When a child is diagnosed with cancer, life is forever changed. Families face many challenges, including uncertainty, restrictions or disruptions in their daily life, increased psychological stress, lengthy and rigorous treatment regimens, and multiple losses.

For siblings of children with cancer, coping with these new challenges can be particularly stressful, especially during periods when their brother or sister is hospitalized or very ill. Siblings are often confused and disoriented by a range of emotions that erupt at various points throughout the cancer journey. Depending on the situation, these emotions of sadness, joy, jealousy, fear, anger, and anxiety. Depending on their age, they may not be able to articulate these emotions with ease. And sometimes, when asked, they may even deny these emotions exist. They may not want to burden their parent with their troubles or they simply may not understand the emotions as they present themselves. Even with the best possible support from family and friends, siblings may experience a loss of the family way of life and/or a loss of self within the family. It is a confusing and stressful time that may last throughout treatment and even well into survivorship. 

Children’s Cancer Network is committed to family-centered care which is essential for each member of the family battling childhood cancer. Intentional focus on each individual member of the family is important as well. For siblings, Children’s Cancer Network is pleased to offer an internationally recognized program by the name of Sibshops. 
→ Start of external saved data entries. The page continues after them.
(* Assume $r\ge n^{\kappa}$ for some sufficiently small constant $\kappa>0$ and condition (C1). If $l_n=o(n)$, then $\sup_{\omega\in[-\pi,\pi]}\max_{(i,j)\in\mathcal I}|\mathrm{I}_{i,j}(\omega)-\zeta_{i,j}(\omega)|=O_{\rm p}(l_n^2n^{-1}\log r)$.
   Context: $\{\mathbf x_t\}$ is a $p$-dimensional stationary time series with mean $\boldsymbol\mu$, $\mathring{\mathbf x}_t=\mathbf x_t-\boldsymbol\mu=(\mathring x_{1,t},\dots,\mathring x_{p,t})^\top$, $\boldsymbol\Gamma(k)=\{\gamma_{i,j}(k)\}=\mathrm{Cov}(\mathbf x_{t+k},\mathbf x_t)$, $\iota=\sqrt{-1}$. Observations $\mathbf x_1,\dots,\mathbf x_n$. Flat-top kernel with fixed $c\in(0,1]$: $\mathcal W(u)=1$ for $|u|\le c$, $(|u|-1)/(c-1)$ for $c<|u|\le1$, $0$ otherwise; integer bandwidth $l_n$ with $n>2l_n$. $\tilde{\boldsymbol\Gamma}(k)=n^{-1}\sum_{t=1}^{n-k}\mathring{\mathbf x}_{t+k}\mathring{\mathbf x}_t^\top$ for $k\ge0$ and $n^{-1}\sum_{t=-k+1}^{n}\mathring{\mathbf x}_{t+k}\mathring{\mathbf x}_t^\top$ for $k<0$. $\mathrm I(\omega)=\{\mathrm I_{i,j}(\omega)\}=(2\pi)^{-1}\sum_{k=-l_n}^{l_n}\mathcal W(k/l_n)\{\tilde{\boldsymbol\Gamma}(k)-\frac{n-|k|}{n}\boldsymbol\Gamma(k)\}e^{-\iota k\omega}$ and $\zeta_{i,j}(\omega)=(2\pi n)^{-1}\sum_{t=l_n+1}^{n-l_n}\sum_{k=-l_n}^{l_n}\mathcal W(k/l_n)\{\mathring x_{i,t+k}\mathring x_{j,t}-\gamma_{i,j}(k)\}e^{-\iota k\omega}$. $\mathcal I\subset[p]^2$, $r=|\mathcal I|$; $p,r,l_n$ may depend on $n$, limits as $n\to\infty$. Condition (C1): there are constants $C_1>0$, $C_2>1$ independent of $n,p$ with $\mathbb E\exp(C_1|x_{j,t}|^2)\le C_2$ for all $t,j$. *)

From HB Require Import structures.
From mathcomp Require Import all_boot all_order all_algebra.
From mathcomp Require Import all_classical all_reals all_analysis.
Import Order.TTheory GRing.Theory Num.Theory.
Import numFieldNormedType.Exports.

Set Implicit Arguments.
Unset Strict Implicit.
Unset Printing Implicit Defensive.

Local Open Scope ring_scope.

(* Conventions:
   - x n t j  : the j-th coordinate (j in 1..p n) at time t (t : nat) of the
                p_n-dimensional series of the n-th problem; observations are
                t = 1..n.
   - mu n j   : the mean of coordinate j; gam n i j k = gamma_{i,j}(k).
   - Complex numbers are written out through real and imaginary parts,
     e^{-i k w} = cos(k w) - i sin(k w). *)

Section Defs.
Variable R : realType.

Definition flat_top (c u : R) : R :=
  if `|u| <= c then 1
  else if `|u| <= 1 then (`|u| - 1) / (c - 1)
  else 0.

Variable xc : nat -> nat -> R.   (* centred series: xc j t = x_{j,t} - mu_j *)
Variable gam : nat -> nat -> int -> R.
Variables (c : R) (n l : nat).

(* the lagk k ranges over -l..l, enumerated as k = m - l, m < 2l+1 *)
Definition lagk (m : nat) : int := (m%:Z - l%:Z)%R.

Definition tGamma (i j : nat) (k : int) : R :=
  match k with
  | Posz m => n%:R^-1 * \sum_(1 <= t < (n - m)%N.+1) xc i (t + m)%N * xc j t
  | Negz m' => n%:R^-1 *
      \sum_((m'.+1).+1 <= t < n.+1) xc i (t - m'.+1)%N * xc j t
  end.

Definition Wk (k : int) : R := flat_top c (k%:~R / l%:R).

Definition I_re (i j : nat) (w : R) : R :=
  (2 * pi)^-1 * \sum_(m < (2 * l).+1)
     Wk (lagk m) * (tGamma i j (lagk m)
                   - (n%:R - `|lagk m|%:R) / n%:R * gam i j (lagk m))
     * cos ((lagk m)%:~R * w).
Definition I_im (i j : nat) (w : R) : R :=
  (2 * pi)^-1 * \sum_(m < (2 * l).+1)
     Wk (lagk m) * (tGamma i j (lagk m)
                   - (n%:R - `|lagk m|%:R) / n%:R * gam i j (lagk m))
     * (- sin ((lagk m)%:~R * w)).

(* time index t + k (t >= l+1 >= -k, so this is a natural number) *)
Definition tshift (t : nat) (k : int) : nat := `|(t%:Z + k)%R|%N.

Definition zeta_re (i j : nat) (w : R) : R :=
  (2 * pi * n%:R)^-1 * \sum_(l.+1 <= t < (n - l)%N.+1) \sum_(m < (2 * l).+1)
     Wk (lagk m) * (xc i (tshift t (lagk m)) * xc j t - gam i j (lagk m))
     * cos ((lagk m)%:~R * w).
Definition zeta_im (i j : nat) (w : R) : R :=
  (2 * pi * n%:R)^-1 * \sum_(l.+1 <= t < (n - l)%N.+1) \sum_(m < (2 * l).+1)
     Wk (lagk m) * (xc i (tshift t (lagk m)) * xc j t - gam i j (lagk m))
     * (- sin ((lagk m)%:~R * w)).

Definition I_zeta_dist (i j : nat) (w : R) : R :=
  Num.sqrt ((I_re i j w - zeta_re i j w) ^+ 2 + (I_im i j w - zeta_im i j w) ^+ 2).

End Defs.

(* For each lag |k| <= l_n, the statistics I(w) and zeta(w) differ only through
   the at most 2 l_n boundary products x_{i,t+k} x_{j,t} (t <= l_n or t > n - l_n)
   that zeta omits, and the matching centring terms gamma_{i,j}(k).  Hence,
   uniformly in w, |I_{i,j}(w) - zeta_{i,j}(w)| <= 6 l_n^2 / n (B + G), where
   B bounds the products of centred observations and G the autocovariances.
   Under (C1) the means and autocovariances are bounded by constants, and
   P(|x_{j,t}| >= s) <= C_2 exp(-C_1 s^2).  With s^2 = (2 + 1/kappa) log r / C_1,
   a union bound over the 2 r n observations entering the pairs of I shows that
   some |x_{j,t}| exceeds s with probability at most 2 C_2 / r, because
   n <= r^(1/kappa); off that event B = O(log r). *)

From HB Require Import structures.
From mathcomp Require Import all_boot all_order all_algebra.
From mathcomp Require Import all_classical all_reals all_analysis.
From mathcomp Require Import measurable_realfun.
From mathcomp Require Import zify ring lra.
Import Order.TTheory GRing.Theory Num.Theory.
Import numFieldNormedType.Exports.

Set Implicit Arguments.
Unset Strict Implicit.
Unset Printing Implicit Defensive.

Local Open Scope classical_set_scope.
Local Open Scope ring_scope.

Section EdgeEffect.
Variable R : numDomainType.

Lemma norm_sum_nat_le (f : nat -> R) (B : R) (lo hi : nat) :
  (forall t, (lo <= t < hi)%N -> `|f t| <= B) ->
  `|\sum_(lo <= t < hi) f t| <= (hi - lo)%:R * B.
Proof.
move=> hf; apply: le_trans (ler_norm_sum _ _ _) _.
by rewrite mulr_natl -sumr_const_nat; apply: ler_sum_nat.
Qed.

Lemma sum_centered_trim (f : nat -> R) (g B : R) (lo a b hi : nat) :
  (lo <= a <= b)%N -> (b <= hi)%N ->
  (forall t, (lo <= t < hi)%N -> `|f t| <= B) ->
  `|\sum_(lo <= t < hi) f t - (hi - lo)%:R * g - \sum_(a <= t < b) (f t - g)|
    <= ((a - lo) + (hi - b))%:R * (B + `|g|).
Proof.
move=> /andP[la ab] bh hf.
have hfg t : (lo <= t < hi)%N -> `|f t - g| <= B + `|g|.
  by move=> ht; apply: le_trans (ler_normB _ _) _; rewrite lerD2r hf.
rewrite mulr_natl -sumr_const_nat -sumrB.
rewrite (big_cat_nat la (leq_trans ab bh)) (big_cat_nat ab bh) /=.
rewrite addrCA (addrC (\sum_(a <= i < b) _)) addrK natrD mulrDl.
apply: le_trans (ler_normD _ _) _.
by apply: lerD; apply: norm_sum_nat_le => t /andP[t1 t2]; apply: hfg; lia.
Qed.

End EdgeEffect.

Lemma tshift_Posz (t m : nat) : tshift t (Posz m) = (t + m)%N.
Proof. by rewrite /tshift -PoszD absz_nat. Qed.

Lemma tshift_Negz (t m : nat) : (m < t)%N -> tshift t (Negz m) = (t - m.+1)%N.
Proof. by move=> mt; rewrite /tshift NegzE subzn // absz_nat. Qed.

Section LagTerms.
Variable R : realType.
Variables (xc : nat -> nat -> R) (gam : nat -> nat -> int -> R) (n l i j : nat).

Definition zeta_lag (k : int) : R :=
  n%:R^-1 * \sum_(l.+1 <= t < (n - l).+1) (xc i (tshift t k) * xc j t - gam i j k).

Lemma scaled_sum_trim (f : nat -> R) (g B G : R) (lo hi : nat) :
  0 <= B -> `|g| <= G -> (lo <= l.+1 <= (n - l).+1)%N -> ((n - l).+1 <= hi)%N ->
  ((l.+1 - lo) + (hi - (n - l).+1) <= 2 * l)%N ->
  (forall t, (lo <= t < hi)%N -> `|f t| <= B) ->
  `|n%:R^-1 * \sum_(lo <= t < hi) f t - (hi - lo)%:R / n%:R * g
     - n%:R^-1 * \sum_(l.+1 <= t < (n - l).+1) (f t - g)|
    <= n%:R^-1 * ((2 * l)%:R * (B + G)).
Proof.
move=> B0 gG hrange hhi hedge hf.
have -> : n%:R^-1 * \sum_(lo <= t < hi) f t - (hi - lo)%:R / n%:R * g
    - n%:R^-1 * \sum_(l.+1 <= t < (n - l).+1) (f t - g) =
  n%:R^-1 * (\sum_(lo <= t < hi) f t - (hi - lo)%:R * g
    - \sum_(l.+1 <= t < (n - l).+1) (f t - g)) by ring.
rewrite normrM ger0_norm ?invr_ge0 ?ler0n // ler_wpM2l ?invr_ge0 ?ler0n //.
apply: le_trans (sum_centered_trim g hrange hhi hf) _.
by apply: ler_pM; rewrite ?ler0n ?ler_nat ?lerD2l ?addr_ge0.
Qed.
According to the Sibling Support Project, Sibshops provide young brothers and sister peer support and information in a lively, recreational setting. For the adults who run them and for the agencies that sponsor them, Sibshops are evidence of their loving concern for the family member who will have the longest-lasting relationship with a person who has a disability. However, for the kids who attend them, Sibshops are lively, pedal-to-the-metal events where they will:

  • Meet other siblings
  • Have fun
  • Talk about the good and not-so-good parts of having a sib with special needs with others who “get it”
  • Play some great games
  • Learn how other brother and sisters handle sticky situations sometimes faced by brothers and sisters
  • Laugh
  • Learn about the services their brothers and sister receive
  • Have some more fun

Children’s Cancer Network is pleased to offer Sibshops specifically for siblings of children with childhood cancer throughout the year.